- Film poster
- Directed by: Victor Saville
- Written by: original screenplay: Marion Dix Lesser Samuels scenario: Marion Dix additional dialogue: Austin Melford
- Produced by: John Findlay
- Starring: Jessie Matthews Robert Young
- Cinematography: Glen MacWilliams
- Edited by: Al Barnes
- Music by: musical score: Louis Levy Bretton Byrd music & lyrics: Sam Coslow Harry Woods
- Production company: Gaumont British
- Distributed by: Gaumont British Distributors
- Release dates: 6 May 1936 (London, UK); 30 May 1936 (U.S.);
- Running time: 83 minutes
- Countries: United Kingdom United States
- Language: English

= It's Love Again =

1936 film

It's Love Again is a 1936 British musical film directed by Victor Saville and starring Jessie Matthews, Robert Young and Sonnie Hale. In the film, a chorus girl masquerades as a big game hunter to try to boost her showbiz career.

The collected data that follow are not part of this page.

(* Test (c) on one entry [J i] per row with [h (J i) * b i (J i) <> 0], weighted so that the
   left side is [sum_i |g_i y_i z_i| / t] while the vector is dominated by [|y_i z_i| / t]. *)
Lemma pi_dominated_mult_space g : matrix_factor a b h g ->
  (forall i, g i <> 0 -> exists j, h j * b i j <> 0) -> smem (mult_space Y2 (kothe (kothe Y1))) g.
Proof.
  intros Hmat Hsupp y Hy z Hz. simpl. unfold smul.
  destruct (functional_choice (fun i j => g i <> 0 -> h j * b i j <> 0)) as [J HJ].
  { intros i. destruct (Req_dec (g i) 0) as [E|E]; [exists 0%nat; tauto|].
    destruct (Hsupp i E) as [j Hj]. exists j; auto. }
  apply (ex_series_of_fsum_bounded _ (C * snorm Y2 y * snorm (kothe Y1) z)); [intros; apply Rabs_pos|].
  intros N. set (c := fun i => h (J i) * b i (J i)).
  set (q := fun i => Rabs (g i * (y i * z i)) / (g i * c i)).
  assert (Hw : forall i,
    q i * c i * g i = Rabs (g i * (y i * z i)) /\ Rabs (q i * c i) <= Rabs (y i * z i))
    by (intros; apply ratio_weight, HJ).
  set (t := 1 + fsum N (fun i => Rabs (q i))).
  assert (Ht : 0 < t)
    by (pose proof (fsum_nonneg N (fun i => Rabs (q i)) (fun i => Rabs_pos _)); unfold t; lra).
  assert (Hu : forall i, (i < N)%nat -> Rabs (q i / t) <= 1).
  { intros i Hi. apply Rabs_div_le_1; auto.
    pose proof (term_le_fsum N (fun i => Rabs (q i)) i (fun i => Rabs_pos _) Hi). unfold t; lra. }
  pose proof (pi_dominated_diagonal N J (fun i => q i / t) Hu) as Hd.
  rewrite (fsum_ext N _ (fun i => / t * Rabs (g i * y i * z i))) in Hd.
  2:{ intros i _. rewrite Hmat. fold (c i).
      replace (g i * y i * z i) with (g i * (y i * z i)) by ring. rewrite <- (proj1 (Hw i)).
      unfold Rdiv. ring. }
  rewrite fsum_scal_l in Hd.
  apply (Rbar_le_mult_finite C _ (snorm Y2 (sscal (/ t) y) * snorm (kothe Y1) z) _ HC) in Hd.
  - rewrite bss_norm_scal, Rabs_pos_eq in Hd by (auto; left; apply Rinv_0_lt_compat; auto).
    apply Rmult_le_reg_l with (/ t); [apply Rinv_0_lt_compat; auto|]. lra.
  - apply pi_norm_le_mul; auto; [apply kothe_mem_zero|apply bss_mem_scal; auto|].
    intros k. destruct (Nat.ltb_spec k N); [|rewrite Rabs_R0; apply Rabs_pos].
    unfold sscal.
    replace (q k / t * (h (J k) * b k (J k))) with (/ t * (q k * c k)) by (unfold c; field; lra).
    rewrite Rmult_assoc, !(Rabs_mult (/ t)), (Rabs_pos_eq (/ t)) by (left; apply Rinv_0_lt_compat; auto).
    apply Rmult_le_compat_l; [left; apply Rinv_0_lt_compat; auto|apply Hw].
Qed.

End PiDominated.

Lemma matrix_factor_pi_dominated Y1 Y2 a b h g : BSS Y1 -> BSS Y2 ->
  (forall i, smem Y1 (unitv i)) -> (forall i, smem Y2 (unitv i)) ->
  smem (mult_space Y2 (kothe (kothe Y1))) g -> matrix_factor a b h g ->
  exists C, 0 < C /\ pi_dominated Y2 Y1 a b h C.
Proof.
  intros HY1 HY2 Hu1 Hu2 Hg Hmat.
  destruct (mult_bilinear_bound Y1 Y2 HY1 HY2 Hu1 Hu2 g Hg) as [M [HM0 HM]].
  exists M. split; auto. intros n m r Hr. apply le_mult_pi_norm; auto. intros f w Hrep.
  eapply Rle_trans; [|apply (pi_rep_mult_bound Y2 (kothe Y1) g M _ f w (bss_norm_pos Y2 HY2)
    (fun z Hz => proj1 (kothe_holder Y1 HY1 Hu1 z Hz)) HM (Rlt_le _ _ HM0) Hrep n)].
  apply fsum_le. intros i Hi. unfold fsum_seq. rewrite fsum_unitv.
  destruct (Nat.ltb_spec i n); [|lia]. eapply Rle_trans; [|apply RRle_abs].
  rewrite <- fsum_scal_l. right. apply fsum_ext. intros. rewrite Hmat. ring.
Qed.

Definition row_dominated (a b : nat -> nat -> R) (h : seq) (C : R) : Prop :=
  forall (n m : nat) (r : nat -> R), (forall j, Rabs (r j) <= 1) ->
  fsum m (fun j => r j * a n j) <= C * Rabs (fsum m (fun j => h j * r j * b n j)).

Lemma row_dominated_factor a b h C : 0 < C -> row_dominated a b h C ->
  exists g, matrix_factor a b h g /\ forall n, Rabs (g n) <= C.
Proof.
  intros HC Hd.
  destruct (functional_choice (fun n gn => (forall j, a n j = gn * (h j * b n j)) /\ Rabs gn <= C))
    as [g Hg]; [|exists g; split; intros; [intros j|]; apply Hg].
  intros n. destruct (row_proportional (a n) (fun j => h j * b n j)) as [gn [Hgn Hsupp]].
  { intros m r Hr Hz. specialize (Hd n m r Hr).
    rewrite (fsum_ext m (fun j => h j * r j * b n j) (fun j => r j * (h j * b n j))) in Hd
      by (intros; ring).
    rewrite Hz, Rabs_R0, Rmult_0_r in Hd. exact Hd. }
  exists gn. split; auto. destruct (Req_dec gn 0) as [->|E0]; [rewrite Rabs_R0; lra|].
  destruct (Hsupp E0) as [j Hj].
  assert (Hsg : forall u, Rabs u <= 1 -> u * (gn * (h j * b n j)) <= C * Rabs (u * (h j * b n j))).
  { intros u Hu. rewrite <- Hgn. specialize (Hd n (S j) (fun k => if Nat.eqb k j then u else 0)).
    rewrite (fsum_ext (S j) (fun k => h k * _ * b n k)
               (fun k => (if Nat.eqb k j then u else 0) * (h k * b n k)))
      in Hd by (intros; ring).
    rewrite !fsum_delta in Hd by lia. apply Hd.
    intros k; destruct (Nat.eqb k j); auto; rewrite Rabs_R0; lra. }
  pose proof (Hsg 1 ltac:(rewrite Rabs_R1; lra)) as H1.
  pose proof (Hsg (-1) ltac:(rewrite Rabs_m1; lra)) as H2.
  rewrite Rabs_mult, Rabs_R1 in H1. rewrite Rabs_mult, Rabs_m1 in H2.
  apply Rmult_le_reg_r with (Rabs (h j * b n j)); [apply Rabs_pos_lt; auto|]. rewrite <- Rabs_mult.
  destruct (Rle_dec 0 (gn * (h j * b n j))); [rewrite Rabs_pos_eq|rewrite Rabs_left]; lra.
Qed.
Lemma Tr_Ppoly_expr4 (x : F) : Tr q (P x) ^+ 4 = lin4 C D (Tr q x) + B.
Proof.
set z := Tr q x; set u := x ^+ q + x + delta; set U := u ^+ expo q.
have uE : u = z + delta by rewrite /u /z /Tr (addrC x).
have uq : u ^+ q = z + delta ^+ q by rewrite uE (exprD_pchar2X F2) Tr_fixed.
have U4 : U ^+ 4 = u ^+ 2 * u ^+ q.
  by rewrite -exprM expo_mul4 exprD !exprM exprqK.
have TrP : Tr q (P x) = b * (U + U ^+ q) + z.
  rewrite /Tr /Ppoly -/u -/U (exprD_pchar2X F2) exprMn bq /z /Tr; ring.
rewrite TrP (expr4D_pchar2 F2 (b * _)) (exprMn _ b) (expr4D_pchar2 F2 U) (exprAC U) U4.
rewrite exprMn exprAC exprqK uq uE /lin4 /Bc /Cc /Dc (exprS delta) /Tr.
by apply: (eq_add_mul2 F2 (k := b ^+ 4 * z * (z + delta) * (z + delta ^+ q))); ring.
Qed.

Hypothesis Pbij : bijective P.

Lemma lin4_fixed_eq0 (z : F) : z ^+ q = z -> lin4 C D z = 0 -> z = 0.
Proof.
move=> zq z_root; pose lift (w : F) := w * delta / Tr q delta.
pose g (w : F) := Tr q (P (lift w)).
have fourth_inj := expr2X_inj F2 (k := 2).
have Tr_lift w : w ^+ q = w -> Tr q (lift w) = w by exact: Tr_scale_delta.
have semiconj x : Tr q (P x) = g (Tr q x).
  by apply: fourth_inj; rewrite /= !Tr_Ppoly_expr4 Tr_lift ?Tr_fixed.
have zero_fixed : (0 : F) ^+ q = 0 by rewrite expr0n expn_eq0.
rewrite -(Tr_lift z zq) -[0](Tr_lift 0 zero_fixed).
apply: (semiconj_bij_inj Pbij semiconj); apply: fourth_inj.
by rewrite /g /= !Tr_Ppoly_expr4 !Tr_lift // z_root /lin4 !expr0n !mulr0 !addr0.
Qed.

Lemma cubic_no_root (y : F) : y ^+ 3 + C * y + D != 0.
Proof.
apply/eqP => y_root.
have y_lin4 : lin4 C D y = 0.
  rewrite /lin4 (_ : _ + _ = y * (y ^+ 3 + C * y + D)); last by ring.
  by rewrite y_root mulr0.
have yq_lin4 : lin4 C D (y ^+ q) = 0.
  have := congr1 (fun w => w ^+ q) y_lin4; rewrite /lin4 /= !(exprD_pchar2X F2).
  by rewrite (exprMn _ C) (exprMn _ D) Cc_fixed Dc_fixed (exprAC y 4) (exprAC y 2) expr0n expn_eq0.
have Tr_y0 : Tr q y = 0.
  by apply: lin4_fixed_eq0; rewrite ?Tr_fixed // /Tr lin4D // y_lin4 yq_lin4 addr0.
have y0 : y = 0.
  apply: lin4_fixed_eq0 y_lin4; apply/eqP.
  by rewrite eq_sym -addr_eq0_pchar2 // -/(Tr q y) Tr_y0.
by move: y_root Dc_neq0; rewrite y0 expr0n mulr0 !add0r => ->; rewrite eqxx.
Qed.

Lemma Ppoly_K : cancel P (Pinv m b delta).
Proof.
move=> x; rewrite /Pinv /=; set c := P x.
have c_lin4 : c ^+ (4 * q) + c ^+ 4 + B = lin4 C D (Tr q x).
  rewrite mulnC exprM -(expr4D_pchar2 F2) (addrC (c ^+ q)) -/(Tr q c) Tr_Ppoly_expr4.
  by rewrite -addrA addrr_pchar2 // addr0.
have Sh_eq1 := Sh_eq1_of_cubic_no_root (ltnW m2) cardF Cc_fixed Dc_fixed cubic_no_root.
have := sum_Pinv_coef_lin4 F2 C m2 Dc_neq0 Dc_fixed (Tr_fixed x).
rewrite /Pinv_coef Sh_eq1 mul1r => sum_eq; rewrite c_lin4 sum_eq /c /Ppoly /Tr.
rewrite (_ : delta + (x + x ^+ q) = x ^+ q + x + delta); last by rewrite addrC (addrC x).
by rewrite addrAC (addrr_pchar2 F2) add0r.
Qed.

End Permutation.

Theorem theorem3p11 (F : finFieldType) (m : nat) :
  (2 <= m)%N ->
  #|F| = (2 ^ m * 2 ^ m)%N ->
  forall b delta : F,
    b ^+ (2 ^ m) = b -> b != 0 ->
    delta ^+ (2 ^ m) != delta ->
    bijective (Ppoly (2 ^ m) b delta) ->
    (forall c : F, Ppoly (2 ^ m) b delta (Pinv m b delta c) = c) /\
    (forall c : F, Pinv m b delta (Ppoly (2 ^ m) b delta c) = c).
Proof.
move=> m2 cardF b delta bq b0 deltaq Pbij.
have PK : cancel (Ppoly (2 ^ m) b delta) (Pinv m b delta).
  exact: Ppoly_K m2 cardF bq b0 deltaq Pbij.
by split; [apply/(bij_can_sym Pbij) | exact: PK].
Qed.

The film was made at the Lime Grove Studios, with art direction by Alfred Junge.

==Plot==
Under pressure to come up with a story, gossip columnist Peter Carlton (Robert Young) invents the imaginary socialite and big game hunter "Mrs. Smythe-Smythe"."" This glamorous lady spends her time hunting tigers, jumping out of airplanes and driving men wild with her beauty. Carlton is somewhat taken aback when the real lady turns up in person, impersonated by aspiring actress Elaine Bradford (Jessie Matthews), in search of her big break.

==Cast==
- Jessie Matthews as Elaine Bradford/Mrs. Smythe-Smythe
- Robert Young as Peter Carlton
- Sonnie Hale as Freddie Rathbone
- Ernest Milton as Raymond
- Robb Wilton as Boys - Butler
- Sara Allgood as Mrs. Hopkins
- Anthony Holles as Headwaiter
- Cyril Wells as Gigolo
- Warren Jenkins as Woolf
- David Horne as Durland
- Athene Seyler as Mrs. Durland
- Glennis Lorimer as Montague's typist
- Robert Hale as Colonel Edgerton
- Cyril Raymond as Montague
- Graham Moffatt as Callboy
- Olive Sloane as Francine Grenoble (uncredited)

==Critical reception==
In The New York Times, Frank Nugent wrote, "Gaumont-British has yet to do full justice to Miss Jessie Matthews, first lady of England's musical comedy screen. Her latest picture, "It's Love Again," which opened yesterday at the Roxy, imposes the entire burden of a cumbersome and unevenly paced comedy upon her shoulders and, although she rises to the task with her accustomed loveliness, gayety and talent, she is unable to convert the picture into anything more than what the gentlemen of the drama department would call 'a personal triumph'"; whereas Leonard Maltin noted a "Lighter-than-air musical-comedy vehicle for Matthews following her success with Saville on Evergreen," and found the film, "Funny, charming and imaginatively done, with several pleasant songs."

Writing for The Spectator in 1936, Graham Greene gave the film a good review, describing the direction as "with speed, efficiency, and a real sense of the absurd". Greene praised the acting of Matthews and described the double-entendre-filled scene of the "Oriental party" with the colonel and gossip-writer to be "memorable indeed".

==Bibliography==
- Low, Rachael. Filmmaking in 1930s Britain. George Allen & Unwin, 1985.
- MacNab, Geoffrey. Searching for stars: stardom and screen acting in British cinema. Casell, 2000.
- Wood, Linda. British Films, 1927-1939. British Film Institute, 1986.